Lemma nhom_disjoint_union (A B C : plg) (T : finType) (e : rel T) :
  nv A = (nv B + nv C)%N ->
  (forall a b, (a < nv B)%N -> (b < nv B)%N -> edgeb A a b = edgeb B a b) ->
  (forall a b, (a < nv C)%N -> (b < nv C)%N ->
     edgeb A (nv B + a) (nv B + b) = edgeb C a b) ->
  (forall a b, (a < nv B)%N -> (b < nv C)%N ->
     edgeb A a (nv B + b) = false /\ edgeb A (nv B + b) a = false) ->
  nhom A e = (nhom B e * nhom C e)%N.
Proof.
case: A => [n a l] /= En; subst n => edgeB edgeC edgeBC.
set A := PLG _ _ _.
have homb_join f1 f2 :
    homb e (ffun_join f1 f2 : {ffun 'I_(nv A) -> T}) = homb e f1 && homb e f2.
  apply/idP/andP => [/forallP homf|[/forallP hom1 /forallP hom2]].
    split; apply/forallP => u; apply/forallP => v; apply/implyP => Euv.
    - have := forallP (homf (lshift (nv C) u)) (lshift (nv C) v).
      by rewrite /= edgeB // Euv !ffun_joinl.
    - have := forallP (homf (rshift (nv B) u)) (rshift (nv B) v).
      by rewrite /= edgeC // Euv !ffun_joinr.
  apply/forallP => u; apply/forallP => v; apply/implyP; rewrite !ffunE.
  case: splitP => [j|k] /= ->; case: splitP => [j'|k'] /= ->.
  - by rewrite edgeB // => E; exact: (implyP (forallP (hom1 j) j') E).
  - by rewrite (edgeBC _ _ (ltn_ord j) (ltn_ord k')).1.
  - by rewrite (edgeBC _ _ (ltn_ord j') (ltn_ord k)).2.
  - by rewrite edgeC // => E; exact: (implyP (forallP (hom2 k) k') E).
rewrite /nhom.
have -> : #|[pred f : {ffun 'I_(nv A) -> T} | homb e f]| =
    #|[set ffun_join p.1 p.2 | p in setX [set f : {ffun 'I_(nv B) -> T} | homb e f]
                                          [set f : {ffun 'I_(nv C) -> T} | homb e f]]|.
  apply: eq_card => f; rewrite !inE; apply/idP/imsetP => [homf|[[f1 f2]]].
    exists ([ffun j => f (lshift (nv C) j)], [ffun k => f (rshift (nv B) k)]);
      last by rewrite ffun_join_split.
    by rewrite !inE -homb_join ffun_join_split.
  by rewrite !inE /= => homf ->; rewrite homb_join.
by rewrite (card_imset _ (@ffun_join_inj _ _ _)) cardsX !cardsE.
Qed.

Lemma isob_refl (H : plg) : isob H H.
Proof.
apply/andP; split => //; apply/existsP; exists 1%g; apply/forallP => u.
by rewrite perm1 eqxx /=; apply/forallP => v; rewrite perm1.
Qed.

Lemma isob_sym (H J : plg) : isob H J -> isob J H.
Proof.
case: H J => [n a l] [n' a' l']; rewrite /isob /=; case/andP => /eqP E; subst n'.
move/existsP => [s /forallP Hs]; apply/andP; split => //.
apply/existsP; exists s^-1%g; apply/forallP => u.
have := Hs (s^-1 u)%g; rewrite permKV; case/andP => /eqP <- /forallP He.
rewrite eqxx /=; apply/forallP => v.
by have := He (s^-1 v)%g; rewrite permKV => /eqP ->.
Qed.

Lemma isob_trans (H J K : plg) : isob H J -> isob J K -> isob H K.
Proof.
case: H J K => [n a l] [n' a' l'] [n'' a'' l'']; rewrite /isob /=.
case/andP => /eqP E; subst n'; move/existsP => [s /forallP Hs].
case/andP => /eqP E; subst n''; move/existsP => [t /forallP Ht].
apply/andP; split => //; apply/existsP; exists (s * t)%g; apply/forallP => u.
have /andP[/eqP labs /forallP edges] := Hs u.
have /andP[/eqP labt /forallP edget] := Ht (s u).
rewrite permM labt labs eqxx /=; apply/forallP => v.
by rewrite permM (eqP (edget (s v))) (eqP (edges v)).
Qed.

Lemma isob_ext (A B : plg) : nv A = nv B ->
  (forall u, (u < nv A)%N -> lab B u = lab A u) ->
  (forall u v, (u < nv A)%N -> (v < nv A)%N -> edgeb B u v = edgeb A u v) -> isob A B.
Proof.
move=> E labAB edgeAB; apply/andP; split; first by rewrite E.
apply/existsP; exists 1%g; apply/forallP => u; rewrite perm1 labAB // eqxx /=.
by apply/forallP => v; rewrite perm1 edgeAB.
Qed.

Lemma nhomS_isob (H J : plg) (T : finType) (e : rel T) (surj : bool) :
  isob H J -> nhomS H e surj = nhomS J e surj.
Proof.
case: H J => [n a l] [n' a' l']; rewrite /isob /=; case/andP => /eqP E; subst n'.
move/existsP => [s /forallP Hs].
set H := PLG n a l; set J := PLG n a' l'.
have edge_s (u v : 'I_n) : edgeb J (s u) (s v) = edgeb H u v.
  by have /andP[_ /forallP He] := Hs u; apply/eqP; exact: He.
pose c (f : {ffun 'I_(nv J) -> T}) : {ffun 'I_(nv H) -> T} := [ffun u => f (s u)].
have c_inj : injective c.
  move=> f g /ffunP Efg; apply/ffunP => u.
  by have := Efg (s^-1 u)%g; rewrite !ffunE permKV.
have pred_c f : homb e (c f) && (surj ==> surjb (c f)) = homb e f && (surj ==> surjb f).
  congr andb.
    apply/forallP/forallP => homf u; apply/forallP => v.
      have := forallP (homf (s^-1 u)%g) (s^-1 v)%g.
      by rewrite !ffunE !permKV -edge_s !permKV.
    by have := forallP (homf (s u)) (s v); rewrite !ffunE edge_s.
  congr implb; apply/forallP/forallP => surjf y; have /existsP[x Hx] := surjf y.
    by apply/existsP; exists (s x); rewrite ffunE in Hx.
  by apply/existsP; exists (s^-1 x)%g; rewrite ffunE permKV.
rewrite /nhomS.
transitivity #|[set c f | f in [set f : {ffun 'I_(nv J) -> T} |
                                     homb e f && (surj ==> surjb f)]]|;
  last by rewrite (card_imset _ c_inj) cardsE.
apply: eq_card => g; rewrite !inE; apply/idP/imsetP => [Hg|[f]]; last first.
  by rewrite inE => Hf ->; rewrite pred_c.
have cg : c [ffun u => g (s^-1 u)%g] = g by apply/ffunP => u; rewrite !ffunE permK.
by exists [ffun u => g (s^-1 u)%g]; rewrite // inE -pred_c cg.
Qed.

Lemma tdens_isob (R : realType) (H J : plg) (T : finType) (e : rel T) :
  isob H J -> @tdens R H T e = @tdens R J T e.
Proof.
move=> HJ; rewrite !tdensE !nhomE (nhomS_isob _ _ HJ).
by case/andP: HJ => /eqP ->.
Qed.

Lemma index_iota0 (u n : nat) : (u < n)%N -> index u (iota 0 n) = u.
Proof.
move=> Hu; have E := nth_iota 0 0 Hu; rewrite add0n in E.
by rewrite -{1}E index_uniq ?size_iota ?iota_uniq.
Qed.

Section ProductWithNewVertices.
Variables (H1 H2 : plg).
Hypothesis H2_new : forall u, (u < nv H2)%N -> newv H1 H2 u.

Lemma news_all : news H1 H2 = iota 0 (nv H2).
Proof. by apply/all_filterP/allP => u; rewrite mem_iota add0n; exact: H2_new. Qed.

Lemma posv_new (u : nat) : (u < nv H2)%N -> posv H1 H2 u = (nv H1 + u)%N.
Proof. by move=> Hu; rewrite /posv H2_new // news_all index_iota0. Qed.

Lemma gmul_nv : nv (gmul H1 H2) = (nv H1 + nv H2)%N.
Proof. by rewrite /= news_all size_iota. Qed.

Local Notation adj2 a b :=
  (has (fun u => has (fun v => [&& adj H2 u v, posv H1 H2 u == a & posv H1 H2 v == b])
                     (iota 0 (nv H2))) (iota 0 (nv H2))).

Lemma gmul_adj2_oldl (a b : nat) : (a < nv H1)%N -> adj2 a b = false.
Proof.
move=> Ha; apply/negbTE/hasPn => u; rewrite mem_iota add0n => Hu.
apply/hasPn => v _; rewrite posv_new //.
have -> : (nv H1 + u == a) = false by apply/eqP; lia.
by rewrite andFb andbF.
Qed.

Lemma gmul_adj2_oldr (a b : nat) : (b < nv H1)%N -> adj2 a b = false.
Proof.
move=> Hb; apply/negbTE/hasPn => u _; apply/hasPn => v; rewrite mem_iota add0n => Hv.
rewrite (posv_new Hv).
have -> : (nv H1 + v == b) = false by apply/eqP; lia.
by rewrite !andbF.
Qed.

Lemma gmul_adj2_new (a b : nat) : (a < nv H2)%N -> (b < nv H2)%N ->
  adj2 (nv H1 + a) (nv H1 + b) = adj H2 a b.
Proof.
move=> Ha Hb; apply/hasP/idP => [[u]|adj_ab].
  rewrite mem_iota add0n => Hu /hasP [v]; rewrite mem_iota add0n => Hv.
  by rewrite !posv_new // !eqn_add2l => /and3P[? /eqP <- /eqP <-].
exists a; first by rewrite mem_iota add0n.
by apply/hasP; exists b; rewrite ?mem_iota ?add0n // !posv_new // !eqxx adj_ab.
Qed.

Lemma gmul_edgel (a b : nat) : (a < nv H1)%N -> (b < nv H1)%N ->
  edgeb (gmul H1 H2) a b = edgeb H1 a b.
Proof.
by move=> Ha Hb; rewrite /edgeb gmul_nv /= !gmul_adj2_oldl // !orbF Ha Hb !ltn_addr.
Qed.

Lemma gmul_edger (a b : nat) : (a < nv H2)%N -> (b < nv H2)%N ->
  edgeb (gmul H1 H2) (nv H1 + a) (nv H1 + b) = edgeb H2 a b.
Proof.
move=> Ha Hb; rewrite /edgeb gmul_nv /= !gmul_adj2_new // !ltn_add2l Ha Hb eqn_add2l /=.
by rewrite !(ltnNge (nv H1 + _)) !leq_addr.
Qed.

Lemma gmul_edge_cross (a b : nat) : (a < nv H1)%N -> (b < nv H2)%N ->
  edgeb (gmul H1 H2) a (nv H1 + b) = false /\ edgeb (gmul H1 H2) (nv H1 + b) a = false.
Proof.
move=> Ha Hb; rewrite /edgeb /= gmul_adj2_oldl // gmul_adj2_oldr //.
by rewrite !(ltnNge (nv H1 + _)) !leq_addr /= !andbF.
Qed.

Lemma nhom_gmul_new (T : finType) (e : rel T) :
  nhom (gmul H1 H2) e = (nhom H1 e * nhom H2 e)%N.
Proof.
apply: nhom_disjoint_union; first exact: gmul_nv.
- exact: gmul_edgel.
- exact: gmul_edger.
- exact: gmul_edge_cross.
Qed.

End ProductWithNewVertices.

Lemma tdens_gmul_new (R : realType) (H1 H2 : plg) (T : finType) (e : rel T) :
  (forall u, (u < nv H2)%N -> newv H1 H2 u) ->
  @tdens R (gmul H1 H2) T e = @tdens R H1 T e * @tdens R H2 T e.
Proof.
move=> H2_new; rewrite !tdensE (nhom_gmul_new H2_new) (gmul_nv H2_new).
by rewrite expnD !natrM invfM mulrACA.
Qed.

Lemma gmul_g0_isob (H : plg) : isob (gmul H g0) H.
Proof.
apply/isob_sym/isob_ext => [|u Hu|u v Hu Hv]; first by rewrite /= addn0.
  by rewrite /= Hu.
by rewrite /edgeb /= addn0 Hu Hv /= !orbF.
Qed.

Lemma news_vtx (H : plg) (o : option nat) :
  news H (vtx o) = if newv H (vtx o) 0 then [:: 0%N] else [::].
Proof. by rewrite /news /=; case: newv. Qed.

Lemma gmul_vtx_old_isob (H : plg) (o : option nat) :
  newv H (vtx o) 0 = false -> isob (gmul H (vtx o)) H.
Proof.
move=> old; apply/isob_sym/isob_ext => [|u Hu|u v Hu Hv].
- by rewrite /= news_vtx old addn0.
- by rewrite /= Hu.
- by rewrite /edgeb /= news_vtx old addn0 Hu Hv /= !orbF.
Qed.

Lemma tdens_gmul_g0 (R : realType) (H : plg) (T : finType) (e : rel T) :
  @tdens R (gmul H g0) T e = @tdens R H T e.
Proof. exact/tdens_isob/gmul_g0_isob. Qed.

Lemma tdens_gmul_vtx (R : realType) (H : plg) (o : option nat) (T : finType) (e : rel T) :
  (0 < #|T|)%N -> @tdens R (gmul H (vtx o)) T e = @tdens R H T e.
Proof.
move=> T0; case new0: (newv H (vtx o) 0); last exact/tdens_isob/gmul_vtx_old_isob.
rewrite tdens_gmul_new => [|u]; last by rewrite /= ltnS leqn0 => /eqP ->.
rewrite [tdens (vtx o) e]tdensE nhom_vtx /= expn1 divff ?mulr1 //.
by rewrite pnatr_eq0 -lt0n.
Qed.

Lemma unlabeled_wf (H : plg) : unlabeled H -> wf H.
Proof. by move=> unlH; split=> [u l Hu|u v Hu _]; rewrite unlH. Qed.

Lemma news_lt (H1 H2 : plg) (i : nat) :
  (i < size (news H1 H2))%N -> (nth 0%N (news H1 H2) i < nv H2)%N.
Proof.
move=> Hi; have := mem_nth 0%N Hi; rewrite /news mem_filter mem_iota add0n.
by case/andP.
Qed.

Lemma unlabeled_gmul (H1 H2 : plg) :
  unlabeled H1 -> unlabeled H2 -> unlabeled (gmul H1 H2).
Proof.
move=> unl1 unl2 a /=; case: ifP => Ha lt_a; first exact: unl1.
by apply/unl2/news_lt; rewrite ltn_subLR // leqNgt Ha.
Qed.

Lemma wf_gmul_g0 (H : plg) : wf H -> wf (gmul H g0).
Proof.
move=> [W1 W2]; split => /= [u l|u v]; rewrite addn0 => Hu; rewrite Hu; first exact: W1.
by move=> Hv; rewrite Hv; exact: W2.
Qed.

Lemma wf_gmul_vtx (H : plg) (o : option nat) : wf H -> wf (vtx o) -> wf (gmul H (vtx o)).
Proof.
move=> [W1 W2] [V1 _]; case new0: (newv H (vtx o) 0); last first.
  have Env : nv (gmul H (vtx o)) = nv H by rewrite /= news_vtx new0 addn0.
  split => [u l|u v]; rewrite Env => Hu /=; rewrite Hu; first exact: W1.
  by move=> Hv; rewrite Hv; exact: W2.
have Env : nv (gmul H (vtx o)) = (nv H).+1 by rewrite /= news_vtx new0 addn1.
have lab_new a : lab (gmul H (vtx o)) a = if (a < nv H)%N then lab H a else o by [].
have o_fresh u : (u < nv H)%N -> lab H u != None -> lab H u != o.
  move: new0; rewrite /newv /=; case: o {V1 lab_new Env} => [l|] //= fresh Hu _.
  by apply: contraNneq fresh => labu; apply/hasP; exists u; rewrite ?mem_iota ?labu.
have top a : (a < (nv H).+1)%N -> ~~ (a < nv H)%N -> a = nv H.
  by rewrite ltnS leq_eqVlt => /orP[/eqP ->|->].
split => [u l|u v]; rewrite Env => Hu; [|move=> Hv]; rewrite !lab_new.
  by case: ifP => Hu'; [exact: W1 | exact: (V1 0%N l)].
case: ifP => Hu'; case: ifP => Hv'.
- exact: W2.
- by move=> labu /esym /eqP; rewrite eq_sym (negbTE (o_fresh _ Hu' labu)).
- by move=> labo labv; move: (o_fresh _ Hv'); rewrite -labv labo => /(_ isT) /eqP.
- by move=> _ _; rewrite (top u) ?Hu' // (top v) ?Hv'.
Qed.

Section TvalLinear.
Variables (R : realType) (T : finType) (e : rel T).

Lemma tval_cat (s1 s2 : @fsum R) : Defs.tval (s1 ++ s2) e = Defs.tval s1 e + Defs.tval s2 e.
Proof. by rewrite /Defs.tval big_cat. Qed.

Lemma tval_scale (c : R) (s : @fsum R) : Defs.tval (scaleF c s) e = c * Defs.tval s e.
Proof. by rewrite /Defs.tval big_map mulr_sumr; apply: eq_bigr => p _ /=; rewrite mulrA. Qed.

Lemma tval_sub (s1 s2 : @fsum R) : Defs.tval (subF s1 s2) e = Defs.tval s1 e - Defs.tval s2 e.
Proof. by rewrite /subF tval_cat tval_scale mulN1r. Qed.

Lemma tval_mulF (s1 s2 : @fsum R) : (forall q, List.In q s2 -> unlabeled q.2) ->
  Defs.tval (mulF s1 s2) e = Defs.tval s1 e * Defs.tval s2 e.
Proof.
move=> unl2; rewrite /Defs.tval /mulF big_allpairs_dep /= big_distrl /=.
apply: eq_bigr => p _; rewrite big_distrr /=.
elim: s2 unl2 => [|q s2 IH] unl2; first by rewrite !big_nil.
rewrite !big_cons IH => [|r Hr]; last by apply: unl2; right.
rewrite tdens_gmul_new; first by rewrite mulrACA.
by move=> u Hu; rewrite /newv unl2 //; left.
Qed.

--

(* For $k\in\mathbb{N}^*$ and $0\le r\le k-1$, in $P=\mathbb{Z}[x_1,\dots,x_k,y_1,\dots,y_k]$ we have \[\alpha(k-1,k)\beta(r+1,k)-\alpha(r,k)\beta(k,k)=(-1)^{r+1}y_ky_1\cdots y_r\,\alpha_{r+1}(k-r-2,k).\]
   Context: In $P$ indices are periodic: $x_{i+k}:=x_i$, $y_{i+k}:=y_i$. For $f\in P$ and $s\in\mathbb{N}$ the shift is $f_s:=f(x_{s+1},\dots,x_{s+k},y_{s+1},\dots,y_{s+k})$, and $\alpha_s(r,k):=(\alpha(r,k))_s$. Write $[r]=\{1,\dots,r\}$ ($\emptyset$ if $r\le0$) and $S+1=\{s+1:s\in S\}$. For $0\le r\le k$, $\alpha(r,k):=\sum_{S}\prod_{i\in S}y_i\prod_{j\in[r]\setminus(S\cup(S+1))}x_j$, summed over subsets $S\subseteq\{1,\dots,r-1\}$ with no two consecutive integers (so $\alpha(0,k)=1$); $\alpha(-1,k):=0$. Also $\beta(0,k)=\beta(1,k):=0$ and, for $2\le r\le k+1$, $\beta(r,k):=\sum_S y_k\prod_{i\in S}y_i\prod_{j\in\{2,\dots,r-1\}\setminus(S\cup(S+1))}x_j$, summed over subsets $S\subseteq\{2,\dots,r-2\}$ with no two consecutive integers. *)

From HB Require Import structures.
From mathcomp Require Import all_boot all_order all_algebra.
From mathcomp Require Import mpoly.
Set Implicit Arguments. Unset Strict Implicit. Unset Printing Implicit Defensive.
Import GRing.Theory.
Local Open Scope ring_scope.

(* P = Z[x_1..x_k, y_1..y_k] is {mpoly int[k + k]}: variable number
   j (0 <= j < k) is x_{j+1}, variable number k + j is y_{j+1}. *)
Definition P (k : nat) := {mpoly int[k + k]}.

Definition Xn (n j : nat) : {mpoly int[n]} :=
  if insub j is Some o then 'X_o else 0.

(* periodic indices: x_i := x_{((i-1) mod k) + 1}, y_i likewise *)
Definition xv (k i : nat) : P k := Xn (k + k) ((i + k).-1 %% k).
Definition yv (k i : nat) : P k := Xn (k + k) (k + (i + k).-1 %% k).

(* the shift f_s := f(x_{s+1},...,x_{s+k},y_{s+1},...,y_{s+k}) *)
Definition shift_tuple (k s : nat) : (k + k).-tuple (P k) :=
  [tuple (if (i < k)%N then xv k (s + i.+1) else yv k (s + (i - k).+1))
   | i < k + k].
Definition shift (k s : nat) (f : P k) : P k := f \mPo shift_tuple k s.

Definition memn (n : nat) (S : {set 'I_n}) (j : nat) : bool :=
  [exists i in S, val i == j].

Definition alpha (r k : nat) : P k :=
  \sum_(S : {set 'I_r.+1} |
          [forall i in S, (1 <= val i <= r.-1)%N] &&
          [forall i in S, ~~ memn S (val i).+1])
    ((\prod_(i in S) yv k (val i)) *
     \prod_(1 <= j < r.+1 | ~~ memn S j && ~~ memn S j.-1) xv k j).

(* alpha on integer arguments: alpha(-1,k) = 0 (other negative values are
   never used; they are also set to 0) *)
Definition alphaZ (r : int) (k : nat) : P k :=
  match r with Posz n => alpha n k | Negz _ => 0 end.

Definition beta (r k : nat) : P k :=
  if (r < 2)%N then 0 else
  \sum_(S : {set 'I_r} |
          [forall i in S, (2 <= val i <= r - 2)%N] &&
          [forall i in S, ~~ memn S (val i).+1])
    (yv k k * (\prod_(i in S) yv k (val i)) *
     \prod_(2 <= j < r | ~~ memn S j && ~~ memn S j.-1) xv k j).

[What is required] Give back exactly the lines of the listing above that run from the line with "Lemma nhom_disjoint_union (A" to the line with "exists ([ffun j", inclusive.

[Task answer]
Lemma nhom_disjoint_union (A B C : plg) (T : finType) (e : rel T) :
  nv A = (nv B + nv C)%N ->
  (forall a b, (a < nv B)%N -> (b < nv B)%N -> edgeb A a b = edgeb B a b) ->
  (forall a b, (a < nv C)%N -> (b < nv C)%N ->
     edgeb A (nv B + a) (nv B + b) = edgeb C a b) ->
  (forall a b, (a < nv B)%N -> (b < nv C)%N ->
     edgeb A a (nv B + b) = false /\ edgeb A (nv B + b) a = false) ->
  nhom A e = (nhom B e * nhom C e)%N.
Proof.
case: A => [n a l] /= En; subst n => edgeB edgeC edgeBC.
set A := PLG _ _ _.
have homb_join f1 f2 :
    homb e (ffun_join f1 f2 : {ffun 'I_(nv A) -> T}) = homb e f1 && homb e f2.
  apply/idP/andP => [/forallP homf|[/forallP hom1 /forallP hom2]].
    split; apply/forallP => u; apply/forallP => v; apply/implyP => Euv.
    - have := forallP (homf (lshift (nv C) u)) (lshift (nv C) v).
      by rewrite /= edgeB // Euv !ffun_joinl.
    - have := forallP (homf (rshift (nv B) u)) (rshift (nv B) v).
      by rewrite /= edgeC // Euv !ffun_joinr.
  apply/forallP => u; apply/forallP => v; apply/implyP; rewrite !ffunE.
  case: splitP => [j|k] /= ->; case: splitP => [j'|k'] /= ->.
  - by rewrite edgeB // => E; exact: (implyP (forallP (hom1 j) j') E).
  - by rewrite (edgeBC _ _ (ltn_ord j) (ltn_ord k')).1.
  - by rewrite (edgeBC _ _ (ltn_ord j') (ltn_ord k)).2.
  - by rewrite edgeC // => E; exact: (implyP (forallP (hom2 k) k') E).
rewrite /nhom.
have -> : #|[pred f : {ffun 'I_(nv A) -> T} | homb e f]| =
    #|[set ffun_join p.1 p.2 | p in setX [set f : {ffun 'I_(nv B) -> T} | homb e f]
                                          [set f : {ffun 'I_(nv C) -> T} | homb e f]]|.
  apply: eq_card => f; rewrite !inE; apply/idP/imsetP => [homf|[[f1 f2]]].
    exists ([ffun j => f (lshift (nv C) j)], [ffun k => f (rshift (nv B) k)]);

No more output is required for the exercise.